What to do >>
Among the entries below, one stretch runs from the line that contains "Proof. by rewrite /= /minor2" through the line that contains "minor2 X Y j i ^+ 2 * minor2 x y j i = 0.". Repeat that stretch exactly, ends included, and only that.

START Information shown

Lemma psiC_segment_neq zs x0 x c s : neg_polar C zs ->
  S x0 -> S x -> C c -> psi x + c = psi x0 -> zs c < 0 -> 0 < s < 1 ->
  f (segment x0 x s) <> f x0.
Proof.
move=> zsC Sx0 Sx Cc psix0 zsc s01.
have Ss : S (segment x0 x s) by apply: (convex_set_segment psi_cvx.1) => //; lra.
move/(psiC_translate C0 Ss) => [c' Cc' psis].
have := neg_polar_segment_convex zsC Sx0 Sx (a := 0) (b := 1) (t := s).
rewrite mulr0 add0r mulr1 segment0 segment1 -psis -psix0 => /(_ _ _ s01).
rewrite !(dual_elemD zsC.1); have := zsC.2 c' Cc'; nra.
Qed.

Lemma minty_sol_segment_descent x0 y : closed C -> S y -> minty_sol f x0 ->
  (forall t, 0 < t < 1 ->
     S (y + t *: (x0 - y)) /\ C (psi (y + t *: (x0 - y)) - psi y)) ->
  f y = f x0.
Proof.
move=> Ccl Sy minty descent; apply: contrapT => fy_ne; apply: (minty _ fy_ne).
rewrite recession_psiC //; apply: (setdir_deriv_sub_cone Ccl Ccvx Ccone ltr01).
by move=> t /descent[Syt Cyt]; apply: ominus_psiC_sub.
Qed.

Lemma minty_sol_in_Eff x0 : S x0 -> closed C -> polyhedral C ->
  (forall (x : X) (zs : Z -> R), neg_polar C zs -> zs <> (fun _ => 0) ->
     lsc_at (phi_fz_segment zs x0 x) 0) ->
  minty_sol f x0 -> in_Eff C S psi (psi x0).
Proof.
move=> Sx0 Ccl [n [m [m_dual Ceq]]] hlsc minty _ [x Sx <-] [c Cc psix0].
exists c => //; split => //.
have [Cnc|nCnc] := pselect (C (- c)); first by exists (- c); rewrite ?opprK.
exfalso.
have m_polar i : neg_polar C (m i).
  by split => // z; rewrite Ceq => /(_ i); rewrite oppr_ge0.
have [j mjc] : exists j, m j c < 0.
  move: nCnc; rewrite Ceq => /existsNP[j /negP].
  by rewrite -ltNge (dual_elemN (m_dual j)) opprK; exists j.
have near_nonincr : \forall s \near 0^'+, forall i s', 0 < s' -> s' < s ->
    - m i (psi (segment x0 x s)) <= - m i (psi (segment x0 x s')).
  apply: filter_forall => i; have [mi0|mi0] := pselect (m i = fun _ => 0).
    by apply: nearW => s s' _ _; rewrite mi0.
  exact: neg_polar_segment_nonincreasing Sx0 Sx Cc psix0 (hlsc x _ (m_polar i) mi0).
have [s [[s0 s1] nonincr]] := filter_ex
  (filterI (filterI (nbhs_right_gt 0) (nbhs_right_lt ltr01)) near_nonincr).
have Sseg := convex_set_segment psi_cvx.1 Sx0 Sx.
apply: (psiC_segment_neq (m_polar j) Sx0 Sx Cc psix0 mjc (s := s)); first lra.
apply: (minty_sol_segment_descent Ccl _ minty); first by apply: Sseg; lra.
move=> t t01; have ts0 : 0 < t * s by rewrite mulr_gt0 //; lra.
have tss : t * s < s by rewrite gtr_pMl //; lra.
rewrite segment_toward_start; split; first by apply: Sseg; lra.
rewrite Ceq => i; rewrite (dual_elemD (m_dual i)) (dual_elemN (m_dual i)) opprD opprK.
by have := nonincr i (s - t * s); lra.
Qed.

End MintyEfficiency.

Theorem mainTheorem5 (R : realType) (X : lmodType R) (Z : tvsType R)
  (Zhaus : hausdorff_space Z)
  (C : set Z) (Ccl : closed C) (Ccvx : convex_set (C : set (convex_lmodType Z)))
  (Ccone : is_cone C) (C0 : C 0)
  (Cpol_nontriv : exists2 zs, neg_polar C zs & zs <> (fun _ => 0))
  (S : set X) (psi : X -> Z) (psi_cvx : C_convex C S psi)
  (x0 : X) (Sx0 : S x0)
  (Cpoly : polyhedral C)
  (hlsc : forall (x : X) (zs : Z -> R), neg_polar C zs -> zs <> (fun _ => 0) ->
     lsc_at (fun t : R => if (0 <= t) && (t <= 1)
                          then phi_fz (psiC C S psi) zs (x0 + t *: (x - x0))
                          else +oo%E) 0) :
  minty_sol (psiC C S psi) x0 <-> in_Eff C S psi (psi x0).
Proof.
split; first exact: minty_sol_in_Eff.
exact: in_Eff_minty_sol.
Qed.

END Information shown
START Information shown

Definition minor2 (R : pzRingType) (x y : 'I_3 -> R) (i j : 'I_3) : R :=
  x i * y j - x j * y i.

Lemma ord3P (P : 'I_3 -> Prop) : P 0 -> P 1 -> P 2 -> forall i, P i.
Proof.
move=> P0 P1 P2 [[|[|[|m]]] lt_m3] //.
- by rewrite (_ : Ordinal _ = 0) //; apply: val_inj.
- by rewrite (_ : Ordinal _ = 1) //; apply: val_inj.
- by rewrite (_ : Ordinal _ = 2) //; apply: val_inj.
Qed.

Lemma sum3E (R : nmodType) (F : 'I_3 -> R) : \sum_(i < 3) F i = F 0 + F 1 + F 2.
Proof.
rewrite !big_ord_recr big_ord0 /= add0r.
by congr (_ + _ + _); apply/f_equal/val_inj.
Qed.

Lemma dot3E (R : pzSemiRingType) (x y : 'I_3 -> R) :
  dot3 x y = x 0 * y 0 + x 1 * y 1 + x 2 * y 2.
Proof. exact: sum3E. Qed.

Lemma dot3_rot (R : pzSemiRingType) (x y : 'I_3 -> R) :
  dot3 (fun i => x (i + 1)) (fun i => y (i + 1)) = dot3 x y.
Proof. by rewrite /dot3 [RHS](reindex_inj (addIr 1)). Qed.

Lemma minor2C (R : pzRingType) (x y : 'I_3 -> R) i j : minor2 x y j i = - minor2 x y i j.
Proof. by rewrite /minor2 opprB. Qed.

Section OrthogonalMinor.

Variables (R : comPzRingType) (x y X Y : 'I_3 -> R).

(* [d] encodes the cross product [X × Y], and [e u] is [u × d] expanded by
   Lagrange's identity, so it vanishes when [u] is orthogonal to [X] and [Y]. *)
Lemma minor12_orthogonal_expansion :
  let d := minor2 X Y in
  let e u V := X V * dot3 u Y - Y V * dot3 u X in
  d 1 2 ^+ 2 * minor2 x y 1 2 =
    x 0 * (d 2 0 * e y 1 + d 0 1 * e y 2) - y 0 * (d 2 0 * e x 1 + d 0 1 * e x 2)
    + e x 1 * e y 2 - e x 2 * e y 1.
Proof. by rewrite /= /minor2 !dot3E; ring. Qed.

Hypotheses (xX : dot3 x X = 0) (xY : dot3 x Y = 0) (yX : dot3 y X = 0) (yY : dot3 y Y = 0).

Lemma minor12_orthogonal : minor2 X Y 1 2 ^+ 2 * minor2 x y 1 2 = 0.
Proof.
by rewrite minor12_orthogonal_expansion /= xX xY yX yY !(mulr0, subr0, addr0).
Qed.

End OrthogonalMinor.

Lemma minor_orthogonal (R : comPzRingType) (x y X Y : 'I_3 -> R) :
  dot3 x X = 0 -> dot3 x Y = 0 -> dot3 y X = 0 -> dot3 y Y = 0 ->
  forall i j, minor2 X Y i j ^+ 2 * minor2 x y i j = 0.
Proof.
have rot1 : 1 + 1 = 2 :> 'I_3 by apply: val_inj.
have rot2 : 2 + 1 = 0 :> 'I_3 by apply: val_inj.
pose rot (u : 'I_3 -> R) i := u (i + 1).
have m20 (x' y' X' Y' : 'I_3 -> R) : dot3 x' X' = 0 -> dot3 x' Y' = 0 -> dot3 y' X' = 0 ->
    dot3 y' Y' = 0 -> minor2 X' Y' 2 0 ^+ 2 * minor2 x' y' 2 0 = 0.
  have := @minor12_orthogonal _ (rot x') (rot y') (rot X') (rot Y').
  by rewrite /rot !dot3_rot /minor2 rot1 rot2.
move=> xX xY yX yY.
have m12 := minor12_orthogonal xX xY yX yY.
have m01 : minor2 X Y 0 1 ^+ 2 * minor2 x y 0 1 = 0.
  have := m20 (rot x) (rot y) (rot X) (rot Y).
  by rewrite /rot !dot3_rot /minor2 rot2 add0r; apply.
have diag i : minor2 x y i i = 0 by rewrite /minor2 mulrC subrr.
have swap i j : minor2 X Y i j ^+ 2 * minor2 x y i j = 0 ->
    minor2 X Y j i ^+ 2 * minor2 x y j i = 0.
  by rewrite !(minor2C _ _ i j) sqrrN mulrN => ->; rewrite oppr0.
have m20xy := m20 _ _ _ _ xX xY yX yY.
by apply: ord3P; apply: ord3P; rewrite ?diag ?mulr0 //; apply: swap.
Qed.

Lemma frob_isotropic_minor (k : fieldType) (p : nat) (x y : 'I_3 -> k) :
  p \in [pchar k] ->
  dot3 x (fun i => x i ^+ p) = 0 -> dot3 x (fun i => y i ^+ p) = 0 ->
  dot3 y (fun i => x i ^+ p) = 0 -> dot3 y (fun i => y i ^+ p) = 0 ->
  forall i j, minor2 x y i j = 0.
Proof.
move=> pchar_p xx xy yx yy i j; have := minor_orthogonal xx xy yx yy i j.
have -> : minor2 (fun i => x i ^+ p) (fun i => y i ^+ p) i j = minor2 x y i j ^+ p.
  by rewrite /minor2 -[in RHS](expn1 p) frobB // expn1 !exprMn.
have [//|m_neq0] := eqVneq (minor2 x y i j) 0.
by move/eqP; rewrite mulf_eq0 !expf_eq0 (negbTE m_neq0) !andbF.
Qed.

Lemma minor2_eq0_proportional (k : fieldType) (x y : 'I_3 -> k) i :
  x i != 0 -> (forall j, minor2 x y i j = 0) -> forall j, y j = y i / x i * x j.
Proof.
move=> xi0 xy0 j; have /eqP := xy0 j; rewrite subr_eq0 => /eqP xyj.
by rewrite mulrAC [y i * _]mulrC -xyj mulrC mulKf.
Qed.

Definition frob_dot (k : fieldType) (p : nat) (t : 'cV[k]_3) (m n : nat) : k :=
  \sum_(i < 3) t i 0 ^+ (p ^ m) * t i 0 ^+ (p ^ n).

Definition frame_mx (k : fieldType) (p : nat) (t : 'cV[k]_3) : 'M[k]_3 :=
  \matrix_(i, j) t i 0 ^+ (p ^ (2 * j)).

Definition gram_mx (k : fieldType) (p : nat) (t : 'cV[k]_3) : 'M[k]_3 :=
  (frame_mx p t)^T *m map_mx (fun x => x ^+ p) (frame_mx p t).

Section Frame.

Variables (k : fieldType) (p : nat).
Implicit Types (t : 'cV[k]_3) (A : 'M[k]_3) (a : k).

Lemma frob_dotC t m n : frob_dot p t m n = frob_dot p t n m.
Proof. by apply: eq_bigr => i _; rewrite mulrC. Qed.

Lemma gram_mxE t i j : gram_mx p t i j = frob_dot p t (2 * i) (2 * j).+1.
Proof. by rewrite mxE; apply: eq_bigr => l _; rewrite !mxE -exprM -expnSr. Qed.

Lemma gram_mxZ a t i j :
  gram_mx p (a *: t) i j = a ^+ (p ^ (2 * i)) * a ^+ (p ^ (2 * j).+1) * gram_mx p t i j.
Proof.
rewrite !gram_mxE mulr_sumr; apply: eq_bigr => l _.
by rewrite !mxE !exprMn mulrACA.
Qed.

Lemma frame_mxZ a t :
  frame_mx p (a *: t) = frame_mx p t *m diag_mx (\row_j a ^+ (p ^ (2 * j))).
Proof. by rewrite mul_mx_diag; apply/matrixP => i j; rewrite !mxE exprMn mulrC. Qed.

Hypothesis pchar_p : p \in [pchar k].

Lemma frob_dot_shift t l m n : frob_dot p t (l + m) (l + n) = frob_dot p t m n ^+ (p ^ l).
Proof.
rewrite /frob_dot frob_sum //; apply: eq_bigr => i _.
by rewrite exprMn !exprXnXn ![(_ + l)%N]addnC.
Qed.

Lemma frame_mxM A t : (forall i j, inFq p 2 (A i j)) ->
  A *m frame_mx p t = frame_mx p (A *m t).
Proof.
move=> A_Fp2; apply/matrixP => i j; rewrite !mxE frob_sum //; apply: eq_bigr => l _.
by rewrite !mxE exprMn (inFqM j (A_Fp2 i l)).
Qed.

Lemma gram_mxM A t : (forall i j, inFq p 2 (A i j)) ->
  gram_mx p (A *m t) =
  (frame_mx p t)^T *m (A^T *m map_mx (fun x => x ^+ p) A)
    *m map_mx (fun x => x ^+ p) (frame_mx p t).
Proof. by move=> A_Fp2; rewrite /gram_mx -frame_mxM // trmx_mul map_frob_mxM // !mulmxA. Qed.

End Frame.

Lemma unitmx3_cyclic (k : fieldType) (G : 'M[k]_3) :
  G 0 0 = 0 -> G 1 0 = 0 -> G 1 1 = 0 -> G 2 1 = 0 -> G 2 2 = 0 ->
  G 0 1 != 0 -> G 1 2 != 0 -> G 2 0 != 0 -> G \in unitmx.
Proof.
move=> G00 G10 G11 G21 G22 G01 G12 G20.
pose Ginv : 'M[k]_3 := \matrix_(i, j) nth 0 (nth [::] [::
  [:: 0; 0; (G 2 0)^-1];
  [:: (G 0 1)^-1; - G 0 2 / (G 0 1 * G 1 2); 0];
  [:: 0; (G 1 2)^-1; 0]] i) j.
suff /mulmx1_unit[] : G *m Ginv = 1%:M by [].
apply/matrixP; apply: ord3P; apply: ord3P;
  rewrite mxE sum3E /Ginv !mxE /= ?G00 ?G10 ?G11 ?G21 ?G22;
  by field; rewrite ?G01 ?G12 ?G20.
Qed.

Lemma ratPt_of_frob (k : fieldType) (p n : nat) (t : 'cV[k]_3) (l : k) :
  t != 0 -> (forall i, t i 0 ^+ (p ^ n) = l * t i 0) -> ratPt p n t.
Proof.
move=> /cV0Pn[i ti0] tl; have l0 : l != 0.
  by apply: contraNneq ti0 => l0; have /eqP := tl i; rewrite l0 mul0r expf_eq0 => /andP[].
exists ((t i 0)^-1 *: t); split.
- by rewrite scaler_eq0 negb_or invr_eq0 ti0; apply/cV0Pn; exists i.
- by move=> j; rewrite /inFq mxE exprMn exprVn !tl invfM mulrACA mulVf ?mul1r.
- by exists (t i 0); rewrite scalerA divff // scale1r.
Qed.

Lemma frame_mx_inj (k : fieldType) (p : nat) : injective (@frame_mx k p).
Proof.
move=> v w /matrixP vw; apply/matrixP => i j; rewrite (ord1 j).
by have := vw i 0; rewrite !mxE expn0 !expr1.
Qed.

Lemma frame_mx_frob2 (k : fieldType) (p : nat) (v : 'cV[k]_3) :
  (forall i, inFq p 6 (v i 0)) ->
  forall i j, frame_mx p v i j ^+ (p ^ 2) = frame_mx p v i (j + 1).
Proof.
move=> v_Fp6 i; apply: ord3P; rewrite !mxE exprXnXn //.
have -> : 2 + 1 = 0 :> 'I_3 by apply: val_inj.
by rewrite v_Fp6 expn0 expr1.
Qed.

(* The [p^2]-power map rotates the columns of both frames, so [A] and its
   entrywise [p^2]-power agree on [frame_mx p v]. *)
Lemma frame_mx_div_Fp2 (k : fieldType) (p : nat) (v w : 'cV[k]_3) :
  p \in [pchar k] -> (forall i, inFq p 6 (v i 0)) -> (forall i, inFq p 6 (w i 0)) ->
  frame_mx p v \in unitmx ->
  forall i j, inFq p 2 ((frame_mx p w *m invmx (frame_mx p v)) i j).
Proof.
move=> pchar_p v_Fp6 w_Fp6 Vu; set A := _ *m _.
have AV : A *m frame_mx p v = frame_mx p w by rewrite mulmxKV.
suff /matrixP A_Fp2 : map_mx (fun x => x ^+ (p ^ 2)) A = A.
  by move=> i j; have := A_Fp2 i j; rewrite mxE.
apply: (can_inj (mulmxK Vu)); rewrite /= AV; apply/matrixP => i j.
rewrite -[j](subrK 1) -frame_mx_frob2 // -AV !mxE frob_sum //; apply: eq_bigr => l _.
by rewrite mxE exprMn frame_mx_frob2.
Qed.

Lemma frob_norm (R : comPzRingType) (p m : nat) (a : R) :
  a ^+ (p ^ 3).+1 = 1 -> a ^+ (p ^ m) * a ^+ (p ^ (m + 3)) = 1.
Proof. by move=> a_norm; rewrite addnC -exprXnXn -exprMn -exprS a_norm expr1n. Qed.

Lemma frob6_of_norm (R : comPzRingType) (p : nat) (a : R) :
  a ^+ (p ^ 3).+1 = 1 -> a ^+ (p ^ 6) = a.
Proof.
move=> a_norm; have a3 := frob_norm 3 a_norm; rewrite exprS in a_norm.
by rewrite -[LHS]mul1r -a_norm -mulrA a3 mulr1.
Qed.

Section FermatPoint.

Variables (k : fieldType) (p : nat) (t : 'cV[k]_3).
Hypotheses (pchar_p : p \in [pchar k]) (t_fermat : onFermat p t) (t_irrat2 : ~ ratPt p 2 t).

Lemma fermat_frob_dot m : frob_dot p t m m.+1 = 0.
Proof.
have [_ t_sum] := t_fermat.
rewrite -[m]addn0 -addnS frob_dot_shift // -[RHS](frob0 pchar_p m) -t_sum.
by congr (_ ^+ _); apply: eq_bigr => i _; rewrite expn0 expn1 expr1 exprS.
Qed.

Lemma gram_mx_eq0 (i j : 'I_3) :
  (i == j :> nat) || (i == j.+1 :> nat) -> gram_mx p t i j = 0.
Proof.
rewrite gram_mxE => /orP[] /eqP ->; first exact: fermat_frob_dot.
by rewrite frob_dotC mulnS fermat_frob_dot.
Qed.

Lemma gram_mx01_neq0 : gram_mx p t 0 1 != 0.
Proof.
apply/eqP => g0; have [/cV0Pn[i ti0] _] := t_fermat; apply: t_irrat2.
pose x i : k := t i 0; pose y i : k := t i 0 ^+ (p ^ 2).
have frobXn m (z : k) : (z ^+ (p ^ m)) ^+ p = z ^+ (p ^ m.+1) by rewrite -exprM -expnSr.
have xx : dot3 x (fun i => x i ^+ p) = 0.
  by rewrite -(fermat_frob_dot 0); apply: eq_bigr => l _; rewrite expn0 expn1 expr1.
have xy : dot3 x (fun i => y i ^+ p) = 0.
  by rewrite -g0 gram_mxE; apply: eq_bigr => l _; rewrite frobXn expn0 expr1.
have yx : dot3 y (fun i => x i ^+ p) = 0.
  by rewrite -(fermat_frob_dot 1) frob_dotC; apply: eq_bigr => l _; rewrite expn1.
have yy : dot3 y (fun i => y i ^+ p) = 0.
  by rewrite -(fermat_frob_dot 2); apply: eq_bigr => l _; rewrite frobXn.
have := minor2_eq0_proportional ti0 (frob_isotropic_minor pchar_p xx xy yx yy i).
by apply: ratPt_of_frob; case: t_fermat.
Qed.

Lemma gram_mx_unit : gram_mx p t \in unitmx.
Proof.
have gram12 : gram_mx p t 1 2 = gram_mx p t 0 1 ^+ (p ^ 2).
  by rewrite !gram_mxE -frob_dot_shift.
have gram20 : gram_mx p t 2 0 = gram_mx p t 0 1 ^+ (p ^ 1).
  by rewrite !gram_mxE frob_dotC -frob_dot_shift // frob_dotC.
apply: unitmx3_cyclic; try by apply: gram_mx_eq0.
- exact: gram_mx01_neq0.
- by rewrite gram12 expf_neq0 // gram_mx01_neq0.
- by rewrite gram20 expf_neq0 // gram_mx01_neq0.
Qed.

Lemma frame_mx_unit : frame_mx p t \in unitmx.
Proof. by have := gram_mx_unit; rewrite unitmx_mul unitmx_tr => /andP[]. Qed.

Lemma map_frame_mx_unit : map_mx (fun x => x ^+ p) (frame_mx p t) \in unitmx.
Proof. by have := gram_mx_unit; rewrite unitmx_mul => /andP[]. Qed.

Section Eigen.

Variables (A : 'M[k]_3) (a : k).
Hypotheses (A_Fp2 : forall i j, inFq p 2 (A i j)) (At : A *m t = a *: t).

END Information shown
START Information shown

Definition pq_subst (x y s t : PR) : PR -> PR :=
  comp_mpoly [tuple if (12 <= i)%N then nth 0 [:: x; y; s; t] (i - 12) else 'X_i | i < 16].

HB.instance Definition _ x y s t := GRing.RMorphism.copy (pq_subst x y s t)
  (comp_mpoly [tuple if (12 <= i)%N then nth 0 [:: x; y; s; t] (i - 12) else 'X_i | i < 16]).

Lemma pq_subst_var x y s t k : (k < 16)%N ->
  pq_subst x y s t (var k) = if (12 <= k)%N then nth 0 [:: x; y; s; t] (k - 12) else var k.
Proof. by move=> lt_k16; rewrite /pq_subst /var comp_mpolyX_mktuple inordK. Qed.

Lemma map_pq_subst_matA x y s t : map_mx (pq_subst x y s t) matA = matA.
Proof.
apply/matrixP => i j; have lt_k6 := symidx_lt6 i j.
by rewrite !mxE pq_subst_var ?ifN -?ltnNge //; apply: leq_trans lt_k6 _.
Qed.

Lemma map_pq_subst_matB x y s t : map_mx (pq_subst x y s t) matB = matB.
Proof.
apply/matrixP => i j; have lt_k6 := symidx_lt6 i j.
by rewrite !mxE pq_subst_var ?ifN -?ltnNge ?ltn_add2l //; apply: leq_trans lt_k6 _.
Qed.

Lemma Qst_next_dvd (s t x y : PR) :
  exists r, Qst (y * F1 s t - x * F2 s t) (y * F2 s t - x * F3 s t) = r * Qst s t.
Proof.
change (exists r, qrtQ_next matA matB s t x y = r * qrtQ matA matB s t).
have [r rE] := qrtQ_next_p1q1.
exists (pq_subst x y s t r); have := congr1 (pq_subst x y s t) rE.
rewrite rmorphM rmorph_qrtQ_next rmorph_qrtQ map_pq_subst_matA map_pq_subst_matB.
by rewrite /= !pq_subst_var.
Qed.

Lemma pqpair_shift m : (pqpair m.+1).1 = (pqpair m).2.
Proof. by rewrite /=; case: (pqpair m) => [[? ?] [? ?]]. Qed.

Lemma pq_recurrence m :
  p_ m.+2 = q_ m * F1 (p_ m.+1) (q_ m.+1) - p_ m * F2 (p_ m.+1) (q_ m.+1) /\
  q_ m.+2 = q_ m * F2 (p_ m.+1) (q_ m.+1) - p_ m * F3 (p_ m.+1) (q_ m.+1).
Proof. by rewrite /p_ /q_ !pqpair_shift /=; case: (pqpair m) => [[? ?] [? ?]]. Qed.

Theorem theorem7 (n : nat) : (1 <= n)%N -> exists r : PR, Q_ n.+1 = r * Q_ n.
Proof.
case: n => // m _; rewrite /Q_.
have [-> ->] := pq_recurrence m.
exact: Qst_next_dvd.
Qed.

END Information shown

Task result >>
Proof. by rewrite /= /minor2 !dot3E; ring. Qed.

Hypotheses (xX : dot3 x X = 0) (xY : dot3 x Y = 0) (yX : dot3 y X = 0) (yY : dot3 y Y = 0).

Lemma minor12_orthogonal : minor2 X Y 1 2 ^+ 2 * minor2 x y 1 2 = 0.
Proof.
by rewrite minor12_orthogonal_expansion /= xX xY yX yY !(mulr0, subr0, addr0).
Qed.

End OrthogonalMinor.

Lemma minor_orthogonal (R : comPzRingType) (x y X Y : 'I_3 -> R) :
  dot3 x X = 0 -> dot3 x Y = 0 -> dot3 y X = 0 -> dot3 y Y = 0 ->
  forall i j, minor2 X Y i j ^+ 2 * minor2 x y i j = 0.
Proof.
have rot1 : 1 + 1 = 2 :> 'I_3 by apply: val_inj.
have rot2 : 2 + 1 = 0 :> 'I_3 by apply: val_inj.
pose rot (u : 'I_3 -> R) i := u (i + 1).
have m20 (x' y' X' Y' : 'I_3 -> R) : dot3 x' X' = 0 -> dot3 x' Y' = 0 -> dot3 y' X' = 0 ->
    dot3 y' Y' = 0 -> minor2 X' Y' 2 0 ^+ 2 * minor2 x' y' 2 0 = 0.
  have := @minor12_orthogonal _ (rot x') (rot y') (rot X') (rot Y').
  by rewrite /rot !dot3_rot /minor2 rot1 rot2.
move=> xX xY yX yY.
have m12 := minor12_orthogonal xX xY yX yY.
have m01 : minor2 X Y 0 1 ^+ 2 * minor2 x y 0 1 = 0.
  have := m20 (rot x) (rot y) (rot X) (rot Y).
  by rewrite /rot !dot3_rot /minor2 rot2 add0r; apply.
have diag i : minor2 x y i i = 0 by rewrite /minor2 mulrC subrr.
have swap i j : minor2 X Y i j ^+ 2 * minor2 x y i j = 0 ->
    minor2 X Y j i ^+ 2 * minor2 x y j i = 0.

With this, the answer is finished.